Waardgelder

De waardgelders worden afgedankt op de Neude in Utrecht door Prins Maurits, 31 juli 1618

Een waardgelder is een huursoldaat of huurling in de Republiek der Zeven Verenigde Nederlanden. Het woord komt van het Duitse woord wartegeld wat wachtgeld betekent. In de 16e en 17e eeuw werden waardgelders aangesteld door de stedelijke magistraat ter bescherming van de stad tegen onlusten of aanvallen, als de eigen schutterij de situatie niet aankon. Het stadsbestuur had hiervoor toestemming nodig van de Staten-Generaal, die over de defensie van de Unie gingen.

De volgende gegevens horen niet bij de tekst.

(* (X, d) is an n-exangle: the Mor-sequences ending in d^sharp / d_sharp are exact *)
Definition is_exangle (C : precat) (E : bifun C) n (A Z : Ob C)
  (X : cplx C n A Z) (d : Ex E Z A) : Prop :=
  [/\ is_complex X,
      (forall W : Ob C,
         (forall j, (j < n)%N -> forall g : Mor C W (cob X j.+1),
            cmp (cd X j.+1) g = 0 <-> exists f : Mor C W (cob X j), g = cmp (cd X j) f) /\
         (forall g : Mor C W (cob X n.+1),
            Em E (cmp (idc (ce1 X)) g) (cid A) d = 0 <->
            exists f : Mor C W (cob X n), g = cmp (cd X n) f))
    & (forall W : Ob C,
         (forall j, (j < n)%N -> forall g : Mor C (cob X j.+1) W,
            cmp g (cd X j) = 0 <-> exists f : Mor C (cob X j.+2) W, g = cmp f (cd X j.+1)) /\
         (forall g : Mor C (cob X 0) W,
            Em E (cid Z) (cmp g (idc (esym (ce0 X)))) d = 0 <->
            exists f : Mor C (cob X 1) W, g = cmp f (cd X 0)))].

Definition R1 (C : precat) (E : bifun C) n (s : realization E n) : Prop :=
  forall Z A (d : Ex E Z A) (X : cplx C n A Z), s Z A d X -> is_exangle X d.

Definition R2 (C : precat) (E : bifun C) n (s : realization E n) : Prop :=
  (forall Z : Ob C, is_zero_obj Z -> forall (A : Ob C) (X : cplx C n A Z),
     (forall i, (2 <= i <= n.+1)%N -> cob X i = Z) ->
     (exists e : cob X 1 = A, cd X 0 = cmp (idc (esym e)) (idc (ce0 X))) ->
     s Z A 0 X) /\
  (forall Z : Ob C, is_zero_obj Z -> forall (A : Ob C) (X : cplx C n Z A),
     (forall i, (i < n)%N -> cob X i = Z) ->
     (exists e : cob X n = A, cd X n = cmp (idc (esym (ce1 X))) (idc e)) ->
     s A Z 0 X).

Het aanstellen van waardgelders begon tijdens de Nederlandse opstand. Johan van Oldenbarnevelt vermeldt dat ze in het jaar 1583, na de aanslag van de Hertog van Anjou op Antwerpen, in Rotterdam werden ingevoerd, omdat er onder de burgerij aldaar, groten lust was tot de Française, zodat men daar over beluchtende was enige populaire commotie ooft' hatelijkheden en daar en begreep dat men dezen best en insgelijks zou voorkomen niet door de schutterijen en met wapenen van de inwoners, maar door het in soldij nemen van enige luiden van wapenen, tot assistentie van de wettelijke autoriteit.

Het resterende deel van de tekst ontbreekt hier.